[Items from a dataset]

(* Fix $\alpha\in(0,1)$. Suppose there exists a solution $(\widehat{U}_*,\widehat{V}_{*})$ of the Taylored control problem $$0=\max_{u\in\mathcal{U}(x)}\Big\{r_u(x)+\alpha\,\mathcal{L}_u V(x)-(1-\alpha)V(x)\Big\},\qquad x\in\mathbb{R}_+^d,$$ (i.e. $\widehat{V}_*$ satisfies the equation and $\widehat{U}_*(x)\in\mathcal{U}(x)$ attains the maximum for every $x$) with $\widehat{V}_{*}\in\mathcal{C}^{2,\beta}(\mathbb{R}_+^d)$ for some $\beta\in(0,1)$. Suppose further that $\mathfrak{j}_{\widehat{U}_*}<\infty$ and $\mathfrak{j}_{U_*}<\infty$, and that $|\widehat{V}_*(x)|\le\Gamma(1+|x|^m)$ for some $m$ and $\Gamma$ (which may depend on $\alpha$). Then for all $x\in\mathbb{Z}_+^d$, $$\Big(|\widehat{V}_{*}(x)-V_{*}^{\alpha}(x)|\vee\big|V_{\widehat{U}_*}^{\alpha}(x)-V_{*}^{\alpha}(x)\big|\Big)\le \big(\mathfrak{j}_{\widehat{U}_*}^{2+\beta}\vee\mathfrak{j}_{U_*}^{2+\beta}\big)\left(\mathbb{E}_x^{\widehat{U}_*}\Big[\sum_{t=0}^{\infty}\alpha^t[D^2\widehat{V}_{*}]^*_{\beta,X_t\pm\mathfrak{j}_{\widehat{U}_*}}\Big]+\mathbb{E}_x^{U_*}\Big[\sum_{t=0}^{\infty}\alpha^t[D^2\widehat{V}_{*}]^*_{\beta,X_t\pm\mathfrak{j}_{U_*}}\Big]\right).$$
   Context: Controlled Markov chain on $\mathbb{Z}_+^d$: at state $x$ the admissible actions are $\mathcal{U}(x)=\{u\in\mathbb{R}^{m'}:Au\le b(x)\}\cap\mathbb{D}$, with $\mathbb{D}$ a fixed countable discrete set and $b$ defined on $\mathbb{R}_+^d$; under action $u$ at $x$ a reward $r_u(x)$ is collected and the chain moves to $y$ with probability $P^u_{x,y}$. A stationary policy $U$ assigns $U(x)\in\mathcal{U}(x)$ to each state; $\mathbb{E}^U_x$ denotes expectation for the chain $(X_t)$ under $U$ started at $x$. For a policy $U$, $V^\alpha_U(x)=\mathbb{E}^U_x[\sum_{t\ge0}\alpha^t r_{U(X_t)}(X_t)]$; $V^\alpha_*(x)=\max_U V^\alpha_U(x)$ is the optimal value, attained by an optimal stationary policy $U_*$ and satisfying the Bellman equation $V(x)=\max_{u\in\mathcal{U}(x)}\{r_u(x)+\alpha\sum_yP^u_{x,y}V(y)\}$. Drift and second moments: $(\mu_u)_i(x)=\sum_yP^u_{x,y}(y_i-x_i)$, $(\sigma^2_u)_{ij}(x)=\sum_yP^u_{x,y}(y_i-x_i)(y_j-x_j)$; these and $r_u$ are assumed extended to functions of $x\in\mathbb{R}_+^d$ (for $u\in\mathbb{D}$), and $\mathcal{L}_uV(x)=\mu_u(x)'DV(x)+\tfrac12\mathrm{trace}(\sigma^2_u(x)'D^2V(x))$. The restriction of $\widehat U_*$ to $\mathbb{Z}_+^d$ is a stationary policy for the chain. For a stationary policy $U$, $\mathfrak{j}_U$ is the smallest integer (possibly $\infty$) such that $P^{U(x)}_{x,y}=0$ whenever $|y-x|>\mathfrak{j}_U$. Notation: $|\cdot|$ Euclidean norm; $x\pm\epsilon=\{y\in\mathbb{R}_+^d:|y-x|\le\epsilon\}$; for a (vector- or matrix-valued) $f$ and $\Omega\subseteq\mathbb{R}_+^d$, $[f]^*_{\beta,\Omega}=\sup_{y,z\in\Omega}|f(y)-f(z)|/|y-z|^\beta$; $\mathcal{C}^{2,\beta}$ is the class of twice continuously differentiable functions whose second derivative is $\beta$-Hölder continuous; $D^2$ denotes the Hessian. *)

From HB Require Import structures.
From mathcomp Require Import all_boot all_order all_algebra.
From mathcomp Require Import all_classical all_reals all_analysis.
Set Implicit Arguments. Unset Strict Implicit. Unset Printing Implicit Defensive.
Import Order.TTheory GRing.Theory Num.Theory.
Local Open Scope classical_set_scope.
Local Open Scope ring_scope.
(* Let [d] be the product metric on [L1 x L2].  If [phi1 xi a = phi2 xi b] and
   [phi1 xi' a' = phi2 xi' b'], then by (b) and (a)
     [M0 rho(xi, xi')^beta <= |Phi(xi, a', b')| <= 2 C0 d((a, b), (a', b'))^alpha],
   so the coincidence parameters depend (alpha/beta)-Hölder on the coincidence points:
   a cover of [L1 x L2] by sets of diameter [r] yields a cover of [Delta] by sets of
   diameter [O(r^(alpha/beta))], and [H^s(L1 x L2) = 0] forces [H^(beta s/alpha)(Delta) = 0].
   For closedness: at a parameter outside [Delta] the two compact images are a positive
   distance apart, and continuity, uniform along the compact fibres, keeps them apart
   at nearby parameters. *)

Local Notation ns_dist M x y := (ns_norm M (ns_sub M x y)).

Section NormedSpaceFacts.
Variable M : NormedSpace.

Lemma ns_add0l (x : M) : ns_add M (ns_zero M) x = x.
Proof. rewrite ns_addC; apply ns_add0. Qed.

Lemma ns_sub_diag (x : M) : ns_sub M x x = ns_zero M.
Proof. apply ns_addN. Qed.

Lemma ns_add_eq0_opp (w v : M) : ns_add M w v = ns_zero M -> w = ns_opp M v.
Proof.
  intro H. rewrite <- (ns_add0 M w), <- (ns_addN M v), ns_addA, H. apply ns_add0l.
Qed.

Lemma ns_sub_eq0 (x y : M) : ns_sub M x y = ns_zero M -> x = y.
Proof.
  unfold ns_sub. intro H.
  rewrite <- (ns_add0 M x), <- (ns_addN M y), (ns_addC M y), ns_addA, H. apply ns_add0l.
Qed.

Lemma ns_sub0r (x : M) : ns_sub M x (ns_zero M) = x.
Proof.
  unfold ns_sub. rewrite <- (ns_add_eq0_opp (ns_zero M) (ns_zero M)) by apply ns_add0.
  apply ns_add0.
Qed.

Lemma ns_sub_add_sub (x y z : M) : ns_add M (ns_sub M x y) (ns_sub M y z) = ns_sub M x z.
Proof.
  unfold ns_sub. rewrite <- ns_addA, (ns_addA M (ns_opp M y) y), (ns_addC M (ns_opp M y)),
    ns_addN, ns_add0l. reflexivity.
Qed.

Lemma ns_scal0 (v : M) : ns_scal M 0 v = ns_zero M.
Proof.
  assert (Hdouble : ns_add M (ns_scal M 0 v) (ns_scal M 0 v) = ns_scal M 0 v).
  { rewrite <- ns_scalDl. f_equal. ring. }
  rewrite <- (ns_addN M (ns_scal M 0 v)). rewrite <- Hdouble at 2.
  rewrite <- ns_addA, ns_addN. symmetry. apply ns_add0.
Qed.

Lemma ns_opp_scal (v : M) : ns_opp M v = ns_scal M (-1) v.
Proof.
  symmetry. apply ns_add_eq0_opp. rewrite <- (ns_scal1 M v) at 2.
  rewrite <- ns_scalDl. replace (-1 + 1) with 0 by ring. apply ns_scal0.
Qed.

Lemma ns_oppK (v : M) : ns_opp M (ns_opp M v) = v.
Proof. symmetry. apply ns_add_eq0_opp, ns_addN. Qed.

Lemma ns_dist_triangle (x y z : M) : ns_dist M x z <= ns_dist M x y + ns_dist M y z.
Proof. rewrite <- (ns_sub_add_sub x y z). apply ns_normD. Qed.

Lemma ns_distC (x y : M) : ns_dist M x y = ns_dist M y x.
Proof.
  assert (Hneg : ns_sub M y x = ns_scal M (-1) (ns_sub M x y)).
  { unfold ns_sub. rewrite ns_scalDr, <- !ns_opp_scal.
    rewrite ns_oppK. apply ns_addC. }
  rewrite Hneg, ns_normZ, Rabs_left by lra. ring.
Qed.

Lemma ns_dist_pos (x y : M) : x <> y -> 0 < ns_dist M x y.
Proof.
  intro Hxy. destruct (ns_norm_ge0 M (ns_sub M x y)) as [Hpos | Hzero]; auto.
  exfalso. apply Hxy, ns_sub_eq0, ns_norm_eq0. auto.
Qed.

End NormedSpaceFacts.

Lemma rpow_ge0 x p : 0 <= rpow x p.
Proof. unfold rpow. destruct (Rle_dec x 0); [lra | left; apply exp_pos]. Qed.

Lemma rpow_gt0 x p : 0 < x -> 0 < rpow x p.
Proof. intro Hx. unfold rpow. destruct (Rle_dec x 0); [lra | apply exp_pos]. Qed.

Lemma rpow0 p : rpow 0 p = 0.
Proof. unfold rpow. destruct (Rle_dec 0 0); lra. Qed.

Lemma rpowE x p : 0 < x -> rpow x p = Rpower x p.
Proof. intro Hx. unfold rpow. destruct (Rle_dec x 0); [lra | reflexivity]. Qed.

Lemma rpow_le x y p : 0 <= x <= y -> 0 < p -> rpow x p <= rpow y p.
Proof.
  intros Hxy Hp. destruct (Req_dec x 0) as [-> | Hx].
  - rewrite rpow0. apply rpow_ge0.
  - rewrite !rpowE by lra. apply Rle_Rpower_l; lra.
Qed.

Lemma rpow_rpow x p q : 0 <= x -> rpow (rpow x p) q = rpow x (p * q).
Proof.
  intro Hx. destruct (Req_dec x 0) as [-> | Hx0].
  - rewrite !rpow0. reflexivity.
  - rewrite (rpowE x p), rpowE, rpowE by (try apply exp_pos; lra). apply Rpower_mult.
Qed.

Lemma rpow1 x : 0 <= x -> rpow x 1 = x.
Proof.
  intro Hx. destruct (Req_dec x 0) as [-> | Hx0]; [apply rpow0 |].
  rewrite rpowE by lra. apply Rpower_1. lra.
Qed.

Lemma rpowMl x y p : 0 <= x -> 0 <= y -> rpow (x * y) p = rpow x p * rpow y p.
Proof.
  intros Hx Hy. destruct (Req_dec x 0) as [-> | Hx0]; [rewrite Rmult_0_l, !rpow0; ring |].
  destruct (Req_dec y 0) as [-> | Hy0]; [rewrite Rmult_0_r, !rpow0; ring |].
  rewrite !rpowE by (try apply Rmult_lt_0_compat; lra).
  symmetry. apply Rpower_mult_distr; lra.
Qed.

Lemma rpow_le_holder r d c alpha beta :
  0 <= r -> 0 <= d -> 0 <= c -> 0 < beta ->
  rpow r beta <= c * rpow d alpha -> r <= rpow c (/ beta) * rpow d (alpha / beta).
Proof.
  intros Hr Hd Hc Hbeta Hle.
  assert (Hcd : 0 <= c * rpow d alpha) by (apply Rmult_le_pos; [lra | apply rpow_ge0]).
  rewrite <- (rpow1 r), <- (Rinv_r beta), <- rpow_rpow by lra.
  replace (alpha / beta) with (alpha * / beta) by reflexivity.
  rewrite <- (rpow_rpow d), <- rpowMl by (try apply rpow_ge0; lra).
  apply rpow_le; [split; [apply rpow_ge0 | exact Hle] | apply Rinv_0_lt_compat; lra].
Qed.

Lemma prod_dist_ge0 {X Y} (d1 : X -> X -> R) (d2 : Y -> Y -> R) p q :
  0 <= prod_dist d1 d2 p q.
Proof. apply sqrt_pos. Qed.

Lemma prod_dist_le_add {X Y} (d1 : X -> X -> R) (d2 : Y -> Y -> R) x x' y y' :
  0 <= d1 x x' -> 0 <= d2 y y' -> prod_dist d1 d2 (x, y) (x', y') <= d1 x x' + d2 y y'.
Proof.
  intros H1 H2. unfold prod_dist; simpl.
  rewrite <- (sqrt_Rsqr (d1 x x' + d2 y y')) by lra.
  apply sqrt_le_1_alt. unfold Rsqr. nra.
Qed.

Lemma prod_dist_ge_fst {X Y} (d1 : X -> X -> R) (d2 : Y -> Y -> R) x x' y y' :
  0 <= d1 x x' -> d1 x x' <= prod_dist d1 d2 (x, y) (x', y').
Proof.
  intro H. unfold prod_dist; simpl. rewrite <- (sqrt_Rsqr (d1 x x')) at 1 by lra.
  apply sqrt_le_1_alt. pose proof (Rle_0_sqr (d2 y y')). lra.
Qed.

Lemma prod_dist_ge_snd {X Y} (d1 : X -> X -> R) (d2 : Y -> Y -> R) x x' y y' :
  0 <= d2 y y' -> d2 y y' <= prod_dist d1 d2 (x, y) (x', y').
Proof.
  intro H. unfold prod_dist; simpl. rewrite <- (sqrt_Rsqr (d2 y y')) at 1 by lra.
  apply sqrt_le_1_alt. pose proof (Rle_0_sqr (d1 x x')). lra.
Qed.

Section Diameter.
Context {X : Type} (dist : X -> X -> R).
Hypothesis dist_ge0 : forall x y, 0 <= dist x y.

Lemma is_diam_ub E dm x y : is_diam dist E dm -> E x -> E y -> dist x y <= dm.
Proof.
  intros [[Hempty _] | [_ Hlub]] Hx Hy; [exfalso; exact (Hempty x Hx) |].
  apply Hlub. exists x, y. auto.
Qed.

Lemma is_diam_ge0 E dm : is_diam dist E dm -> 0 <= dm.
Proof.
  intros [[_ ->] | [[x Hx] Hlub]]; [lra |].
  apply Rle_trans with (dist x x); auto. apply Hlub. exists x, x. auto.
Qed.

Lemma is_diam_exists_le E B : 0 <= B -> (forall x y, E x -> E y -> dist x y <= B) ->
  exists dm, is_diam dist E dm /\ dm <= B.
Proof.
  intros HB HE. destruct (classic (exists x, E x)) as [[x Hx] | Hempty].
  - set (S := fun t => exists x y, E x /\ E y /\ t = dist x y).
    assert (Hbound : bound S) by (exists B; intros t (u & v & Hu & Hv & ->); auto).
    destruct (completeness S Hbound) as [dm Hdm]; [exists (dist x x), x, x; auto |].
    exists dm. split; [right; eauto |].
    apply Hdm. intros t (u & v & Hu & Hv & ->). auto.
  - exists 0. split; [left; split; [intros x Hx; eauto | reflexivity] | lra].
Qed.

End Diameter.
Lemma contraction_coloop (T : finType) E (C : {set signed T}) (e : T) :
  is_OM E C -> is_coloop C e -> contraction C e = C.
Proof.
case=> C_disj C_neq0 _ C_incomp _ /forallP e_coloop.
have restr_C : restr_e C e = C.
  rewrite /restr_e (eq_in_imset (g := id)) ?imset_id // => X XC.
  have /implyP/(_ XC) := e_coloop X; rewrite /supp inE negb_or => /andP[eX1 eX2].
  by rewrite !setD1_id //; case: X {XC} eX1 eX2.
rewrite /contraction restr_C; apply/setP=> Y; rewrite inE.
case YC: (Y \in C) => //=.
have -> : Y != empty_signed T by apply: contraNneq C_neq0 => <-.
apply/forallP=> Z; apply/implyP=> ZC; apply/implyP=> /andP[_ /andP[ZY1 ZY2]].
have [->//|ZNY] := C_incomp Z Y ZC YC (setUSS ZY1 ZY2).
(* Z = -Y conformal to Y forces Y^+ = Y^-, hence Y = 0 by disjointness. *)
move: ZY1 ZY2; rewrite ZNY /= => Y21 Y12.
have Y1_2 : Y.1 = Y.2 by apply/eqP; rewrite eqEsubset Y12 Y21.
have [Y_disj _] := C_disj Y YC.
have Y1_0 : Y.1 = set0 by have := disjoint_setI0 Y_disj; rewrite -Y1_2 setIid.
have Y0 : Y = empty_signed T.
  by case: Y YC Y1_2 Y1_0 {ZNY Y_disj Y12 Y21} => Y1 Y2 /= _ <- ->.
by move: C_neq0; rewrite -Y0 YC.
Qed.

Theorem lemma8p1 (T : finType) (E : {set T}) (C : {set signed T}) (e : T) :
  is_OM E C -> e \in E ->
  (is_loop C e -> (pure E C <-> pure (E :\ e) (deletion C e))) /\
  (is_coloop C e -> (pure E C <-> pure (E :\ e) (contraction C e))).
Proof.
move=> C_OM eE; split; first exact: pure_deletion_loop.
move=> e_coloop; rewrite (contraction_coloop C_OM e_coloop).
apply: pure_setD1_avoid => // X XC.
by move/forallP: e_coloop => /(_ X)/implyP; apply.
Qed.
Theorem mainTheorem5 (r k n : nat) (alpha a b : R) (c lambda : nat -> R) :
  (1 <= r)%nat -> (1 <= k)%nat -> (1 <= n)%nat -> a < b ->
  (forall x : R,
      sumR k (fun j => c j * (1 / 2 + INR j / (2 * INR k) - x) ^ (k - 1)) = 1) ->
  let N := (2 * k * n)%nat in
  let hbar := (b - a) / INR N in
  let I := fun j : nat =>
    iterInt a k
      (fun y => sumR (k * n) (fun i => lambda i * fpiece alpha r a b N (Xmap n k j i) y))
      b in
  sumR k (fun j => c j * I j)
    = hbar ^ (r + 1) * (b - a) ^ (k - 1) * / INR (Factorial.fact (k - 1)) * phi1 alpha r
      * sumR (k * n) lambda
  /\
  hbar ^ (r + 1) * (b - a) ^ (k - 1) * / INR (Factorial.fact (k - 1)) * phi1 alpha r
      * sumR (k * n) lambda
    = / (INR (k * n)) ^ r * (b - a) ^ (k + r) * / 2 ^ (r + 1)
      * (phi1 alpha r / INR (Factorial.fact (k - 1)))
      * (/ INR (k * n) * sumR (k * n) lambda).
Proof.
  intros _ Hk Hn Hab Hc N hbar I. subst N hbar I. split.
  - rewrite (sumR_ext k _ (fun j => c j * sumR (k * n) (fun i =>
        lambda i * iterInt a k (fpiece alpha r a b (2 * k * n) (Xmap n k j i)) b)))
      by (intros; now rewrite iterInt_sumR_fpiece).
    rewrite sumR_swap.
    rewrite (sumR_ext (k * n) _ (fun i => (b - a) / INR (2 * k * n) / 2
        * ((b - a) ^ (k - 1) / INR (Factorial.fact (k - 1))
           * (alpha * ((b - a) / INR (2 * k * n) / 2) ^ r * RInt (psi r) (-1) 1)) * lambda i))
      by (intros; rewrite sumR_iterInt_fpiece by auto; ring).
    rewrite sumR_scal, phi1_RInt_psi, !pow_add, !pow_1. unfold Rdiv. rewrite !Rpow_mult_distr, pow1. ring.
  - rewrite uniform_step_scaling by auto. unfold Rdiv. ring.
Qed.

▸ **Task requirements**:
After locating the line holding "Lemma is_diam_ub E" above, output exactly that line and every line after it through the line holding "by case: Y YC". Include nothing else.

▸ **Expected answer**:
Lemma is_diam_ub E dm x y : is_diam dist E dm -> E x -> E y -> dist x y <= dm.
Proof.
  intros [[Hempty _] | [_ Hlub]] Hx Hy; [exfalso; exact (Hempty x Hx) |].
  apply Hlub. exists x, y. auto.
Qed.

Lemma is_diam_ge0 E dm : is_diam dist E dm -> 0 <= dm.
Proof.
  intros [[_ ->] | [[x Hx] Hlub]]; [lra |].
  apply Rle_trans with (dist x x); auto. apply Hlub. exists x, x. auto.
Qed.

Lemma is_diam_exists_le E B : 0 <= B -> (forall x y, E x -> E y -> dist x y <= B) ->
  exists dm, is_diam dist E dm /\ dm <= B.
Proof.
  intros HB HE. destruct (classic (exists x, E x)) as [[x Hx] | Hempty].
  - set (S := fun t => exists x y, E x /\ E y /\ t = dist x y).
    assert (Hbound : bound S) by (exists B; intros t (u & v & Hu & Hv & ->); auto).
    destruct (completeness S Hbound) as [dm Hdm]; [exists (dist x x), x, x; auto |].
    exists dm. split; [right; eauto |].
    apply Hdm. intros t (u & v & Hu & Hv & ->). auto.
  - exists 0. split; [left; split; [intros x Hx; eauto | reflexivity] | lra].
Qed.

End Diameter.
Lemma contraction_coloop (T : finType) E (C : {set signed T}) (e : T) :
  is_OM E C -> is_coloop C e -> contraction C e = C.
Proof.
case=> C_disj C_neq0 _ C_incomp _ /forallP e_coloop.
have restr_C : restr_e C e = C.
  rewrite /restr_e (eq_in_imset (g := id)) ?imset_id // => X XC.
  have /implyP/(_ XC) := e_coloop X; rewrite /supp inE negb_or => /andP[eX1 eX2].
  by rewrite !setD1_id //; case: X {XC} eX1 eX2.
rewrite /contraction restr_C; apply/setP=> Y; rewrite inE.
case YC: (Y \in C) => //=.
have -> : Y != empty_signed T by apply: contraNneq C_neq0 => <-.
apply/forallP=> Z; apply/implyP=> ZC; apply/implyP=> /andP[_ /andP[ZY1 ZY2]].
have [->//|ZNY] := C_incomp Z Y ZC YC (setUSS ZY1 ZY2).
(* Z = -Y conformal to Y forces Y^+ = Y^-, hence Y = 0 by disjointness. *)
move: ZY1 ZY2; rewrite ZNY /= => Y21 Y12.
have Y1_2 : Y.1 = Y.2 by apply/eqP; rewrite eqEsubset Y12 Y21.
have [Y_disj _] := C_disj Y YC.
have Y1_0 : Y.1 = set0 by have := disjoint_setI0 Y_disj; rewrite -Y1_2 setIid.
have Y0 : Y = empty_signed T.
  by case: Y YC Y1_2 Y1_0 {ZNY Y_disj Y12 Y21} => Y1 Y2 /= _ <- ->.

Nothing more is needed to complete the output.